Ein Teil Ihres Aufgabenfeldes ist die Internationalisierung. Das klingt nach Zukunft.

Aretz Es ist für die ganze Bundesliga ein großes Thema und damit auch für jeden einzelnen Klub. Die Medienarbeit ist dabei so etwas wie die Speerspitze. Wenn man einen neuen Markt erschließen will, setzt das ja voraus, dass man Borussia Mönchengladbach dort kennt. Also versuchen wir, Borussia auf möglichst vielen verschiedenen Märkten bekannt zu machen.

China zum Beispiel.

Aretz Genau. Das geht vor allem über soziale Medien und unsere Online-Medien. Darum haben wir verschiedene Online-Kanäle und fremdsprachliche Versionen unserer Homepage: englisch, spanisch, niederländisch, chinesisch.
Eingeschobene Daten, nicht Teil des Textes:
(* For each $n\in\mathbb{N}_0$ and $m=1,\ldots,n+1$ (with products taken in $\mathbb{H}$), \begin{align*} \mathbf{X}^{0,\dagger}_n&=\tfrac{1}{n+2}\big(\mathbf{X}^{1,\dagger}_n\mathbf{e}_1+\mathbf{Y}^{1,\dagger}_n\mathbf{e}_2\big),\\ \mathbf{X}^{m,\dagger}_n&=-\tfrac{n+m+1}{2}\big(\mathbf{X}^{m-1,\dagger}_n\mathbf{e}_1-\mathbf{Y}^{m-1,\dagger}_n\mathbf{e}_2\big)+\tfrac{1}{2(n+m+2)}\big(\mathbf{X}^{m+1,\dagger}_n\mathbf{e}_1+\mathbf{Y}^{m+1,\dagger}_n\mathbf{e}_2\big),\\ \mathbf{Y}^{m,\dagger}_n&=-\tfrac{n+m+1}{2}\big(\mathbf{Y}^{m-1,\dagger}_n\mathbf{e}_1+\mathbf{X}^{m-1,\dagger}_n\mathbf{e}_2\big)+\tfrac{1}{2(n+m+2)}\big(\mathbf{Y}^{m+1,\dagger}_n\mathbf{e}_1-\mathbf{X}^{m+1,\dagger}_n\mathbf{e}_2\big), \end{align*} where $\mathbf{X}^{m,\dagger}_n=\mathbf{Y}^{m,\dagger}_n:=0$ for $m\ge n+2$ and $\mathbf{Y}^{0,\dagger}_n:=0$; moreover $\mathbf{X}^{0,\dagger}_0=\tfrac12=\mathbf{X}^{1,\dagger}_0\mathbf{e}_1=\mathbf{Y}^{1,\dagger}_0\mathbf{e}_2$.
   Context: Quaternions $\mathbb{H}$ have basis $1,\mathbf{e}_1,\mathbf{e}_2,\mathbf{e}_3$ with $\mathbf{e}_i^2=-1$, $\mathbf{e}_1\mathbf{e}_2=\mathbf{e}_3=-\mathbf{e}_2\mathbf{e}_1$, $\mathbf{e}_2\mathbf{e}_3=\mathbf{e}_1=-\mathbf{e}_3\mathbf{e}_2$, $\mathbf{e}_3\mathbf{e}_1=\mathbf{e}_2=-\mathbf{e}_1\mathbf{e}_3$. Reduced quaternions: $\mathcal{A}=\mathrm{span}_\mathbb{R}\{1,\mathbf{e}_1,\mathbf{e}_2\}$; $x=(x_0,x_1,x_2)\in\mathbb{R}^3$ is identified with $x_0+x_1\mathbf{e}_1+x_2\mathbf{e}_2$. $\overline{D}=\partial_{x_0}-\mathbf{e}_1\partial_{x_1}-\mathbf{e}_2\partial_{x_2}$. Spherical coordinates: $x_0=r\cos\theta_1$, $x_1=r\sin\theta_1\cos\theta_2$, $x_2=r\sin\theta_1\sin\theta_2$. $P^m_n(t)=(1-t^2)^{m/2}\frac{d^m}{dt^m}P_n(t)$ is the associated Legendre function ($P_n$ the Legendre polynomial), $T_k,U_k$ the Chebyshev polynomials of first and second kind. Spherical harmonics: $U^l_{n}=P^l_{n}(\cos\theta_1)T_l(\cos\theta_2)$, $V^m_{n}=P^m_{n}(\cos\theta_1)\sin\theta_2\,U_{m-1}(\cos\theta_2)$. Basis polynomials: $\mathbf{X}^{l,\dagger}_n:=\tfrac12\overline{D}\big(r^{n+1}U^l_{n+1}\big)$, $l=0,\ldots,n+1$, and $\mathbf{Y}^{m,\dagger}_n:=\tfrac12\overline{D}\big(r^{n+1}V^m_{n+1}\big)$, $m=1,\ldots,n+1$. *)

From Stdlib Require Import Reals ClassicalEpsilon.
Open Scope R_scope.

Record quat := mkQ { q0 : R; q1 : R; q2 : R; q3 : R }.

Definition qzero : quat := mkQ 0 0 0 0.
Definition qreal (a : R) : quat := mkQ a 0 0 0.
Definition qe1 : quat := mkQ 0 1 0 0.
Definition qe2 : quat := mkQ 0 0 1 0.
Definition qadd (a b : quat) : quat :=
  mkQ (q0 a + q0 b) (q1 a + q1 b) (q2 a + q2 b) (q3 a + q3 b).
Definition qopp (a : quat) : quat := mkQ (- q0 a) (- q1 a) (- q2 a) (- q3 a).
Definition qsub (a b : quat) : quat := qadd a (qopp b).
Definition qscal (r : R) (a : quat) : quat :=
  mkQ (r * q0 a) (r * q1 a) (r * q2 a) (r * q3 a).
Definition qmul (a b : quat) : quat :=
  mkQ (q0 a * q0 b - q1 a * q1 b - q2 a * q2 b - q3 a * q3 b)
      (q0 a * q1 b + q1 a * q0 b + q2 a * q3 b - q3 a * q2 b)
      (q0 a * q2 b - q1 a * q3 b + q2 a * q0 b + q3 a * q1 b)
      (q0 a * q3 b + q1 a * q2 b - q2 a * q1 b + q3 a * q0 b).

(* ---------- Derivatives (classical total operator; true derivative when it exists) ---------- *)
Definition Deriv (g : R -> R) (t : R) : R :=
  @epsilon R (inhabits 0) (fun l => derivable_pt_lim g t l).
Definition iterDeriv (m : nat) (g : R -> R) : R -> R := Nat.iter m Deriv g.

Definition pd0 (f : R -> R -> R -> R) x0 x1 x2 := Deriv (fun t => f t x1 x2) x0.
Definition pd1 (f : R -> R -> R -> R) x0 x1 x2 := Deriv (fun t => f x0 t x2) x1.
Definition pd2 (f : R -> R -> R -> R) x0 x1 x2 := Deriv (fun t => f x0 x1 t) x2.

(* (1/2) Dbar f for real-valued f, Dbar = d0 - e1 d1 - e2 d2; values in A subset H *)
Definition halfDbar (f : R -> R -> R -> R) (x0 x1 x2 : R) : quat :=
  mkQ (pd0 f x0 x1 x2 / 2) (- pd1 f x0 x1 x2 / 2) (- pd2 f x0 x1 x2 / 2) 0.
Speziell in China haben wir zum Beispiel zwei Social-Media-Kanäle, über die wir Neuigkeiten von Borussia verbreiten. Die Chinesen sind sehr Fußball-affin und sehr interessiert an der Bundesliga. Wir haben eine digitale Reichweite von über zwei Millionen Menschen, mehr als die Hälfte davon leben im Ausland.
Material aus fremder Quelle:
(* Witnesses for [a] and [b] combine, with weight [mu], into a witness for
   [s *: a + (1 - s) *: b] at the harmonic mean of [ta] and [tb]. *)
Lemma weight_set_comb a b (s ta tb : R) : 0 < s < 1 ->
  weight_set a ta -> weight_set b tb -> 0 < ta -> 0 < tb ->
  weight_set (s *: a + (1 - s) *: b) (s / ta + (1 - s) / tb)^-1.
Proof.
move=> /andP[s_gt0 s_lt1] [/andP[_ ta_lt1] Za] [/andP[_ tb_lt1] Zb] ta_gt0 tb_gt0.
set h := s / ta + (1 - s) / tb.
have s1_gt0 : 0 < 1 - s by rewrite subr_gt0.
have ta1_gt0 : 0 < 1 - ta by rewrite subr_gt0.
have tb1_gt0 : 0 < 1 - tb by rewrite subr_gt0.
have h_gt1 : 1 < h.
  have ha : s < s / ta by rewrite ltr_pdivlMr // gtr_pMr.
  have hb : 1 - s < (1 - s) / tb by rewrite ltr_pdivlMr // gtr_pMr.
  by apply: le_lt_trans (ltrD ha hb); rewrite addrC subrK.
have h_gt0 : 0 < h by apply: lt_trans h_gt1.
have hV_lt1 : h^-1 < 1 by rewrite invf_lt1.
have hV_gt0 : 0 < h^-1 by rewrite invr_gt0.
split; first by rewrite ltW.
have k0 : s * tb + (1 - s) * ta = h * (ta * tb).
  by rewrite /h; field; rewrite !gt_eqF.
have k0_neq0 : s * tb + (1 - s) * ta != 0 by rewrite k0 gt_eqF // !mulr_gt0.
have k1_neq0 : s * tb + (1 - s) * ta - ta * tb != 0.
  by rewrite k0 -{2}[ta * tb]mul1r -mulrBl gt_eqF // !mulr_gt0 // subr_gt0.
set mu := h^-1 * s * (1 - ta) / (ta * (1 - h^-1)).
have mu1 : 1 - mu = h^-1 * (1 - s) * (1 - tb) / (tb * (1 - h^-1)).
  by rewrite /mu /h; field; rewrite k0_neq0 k1_neq0 /= !gt_eqF.
have -> : (1 - h^-1)^-1 *: (y - h^-1 *: (s *: a + (1 - s) *: b)) =
   mu *: ((1 - ta)^-1 *: (y - ta *: a)) + (1 - mu) *: ((1 - tb)^-1 *: (y - tb *: b)).
  rewrite mu1; apply/rowP => j; rewrite !mxE /mu /h; field.
  by rewrite k0_neq0 k1_neq0 /= !gt_eqF.
have mu_le1 : mu <= 1.
  by rewrite -subr_ge0 mu1 !(divr_ge0, mulr_ge0) // ltW // subr_gt0.
by apply: convex_comb; rewrite // mu_le1 !(divr_ge0, mulr_ge0) // ltW // subr_gt0.
Qed.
In der realen Welt soll es in dem geplanten neuen Gebäudekomplex auf dem Stadiongelände ein Borussia-Museum geben. Was erwartet die Fans dort?
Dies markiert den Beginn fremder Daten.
Lemma derivation_lift t' : derivation hrule t' -> forall S, lwf S -> hs_eq (hyp S) (root t') ->
  exists t, root t = S /\ derivation lrule t /\ tree_rel hs_eq (tmap hyp t) t'.
Proof.
  intros Hd; elim Hd using derivation_ind_nested; clear t' Hd; intros r h ts' HR _ IH S HS HSh.
  destruct (lrule_of_hrule r _ h S HR HS HSh) as (Ss & HL & HSs).
  assert (Hwf : Forall lwf Ss) by (destruct HL as (_ & _ & _ & _ & _ & _ & Hwf); exact Hwf).
  assert (Hts : exists ts, map root ts = Ss /\ Forall (derivation lrule) ts /\
            Forall2 (tree_rel hs_eq) (map (tmap hyp) ts) ts').
  { clear - IH HSs Hwf; revert Ss HSs Hwf.
    induction IH as [|t' ts' Ht _ IHts]; intros [|S Ss] HSs Hwf; inversion HSs; subst.
    - exists []; repeat constructor.
    - inversion Hwf; subst.
      destruct (Ht S) as (t & <- & Hd & Hrel); [assumption..|].
      destruct (IHts Ss) as (ts & <- & Hds & Hrels); [assumption..|].
      exists (t :: ts); repeat constructor; assumption. }
  destruct Hts as (ts & <- & Hds & Hrels).
  exists (Node r S ts); repeat constructor; assumption.
Qed.

Theorem mainTheorem2 :
  (forall r Ss S, lrule r Ss S -> hrule r (map hyp Ss) (hyp S)) /\
  (forall r Hs G, hrule r Hs G ->
     exists Ss S, lrule r Ss S /\ Forall2 hs_eq (map hyp Ss) Hs /\
                  hs_eq (hyp S) G) /\
  (forall t, derivation lrule t -> derivation hrule (tmap hyp t)) /\
  (forall t', derivation hrule t' ->
     exists t, derivation lrule t /\ tree_rel hs_eq (tmap hyp t) t').
Proof.
  split; [exact hrule_of_lrule|]; split; [|split; [exact derivation_tmap_hyp|]].
  - intros r Hs G Hr.
    destruct (hyp_surjective G) as (S & HS & <-).
    destruct (lrule_of_hrule r Hs _ S Hr HS (reflexivity _)) as (Ss & HL & HSs).
    exists Ss, S; repeat split; [exact HL | exact HSs | reflexivity].
  - intros t' Hd.
    destruct (hyp_surjective (root t')) as (S & HS & HSt).
    destruct (derivation_lift t' Hd S HS) as (t & _ & Ht & Hrel); [rewrite HSt; reflexivity|].
    exists t; split; assumption.
Qed.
Aretz Wir werden versuchen, dort die ganze Welt von Borussia zu zeigen. Wir werden es auch ganz bewusst nicht "Museum" nennen, weil wir nicht nur die Vergangenheit in Vitrinen ausstellen wollen. Die Besucher sollen Borussia erleben: die Historie, die Gegenwart, vielleicht ein Blick in die Zukunft. Jeder soll seine persönlichen Erlebnisse haben. Das ist eine große Herausforderung - und soll so gestaltet sein, dass jeder, der einmal da war, nachher sagt: Ich komme wieder, es gibt viel zu sehen, und ich werde immer wieder etwas Neues erleben.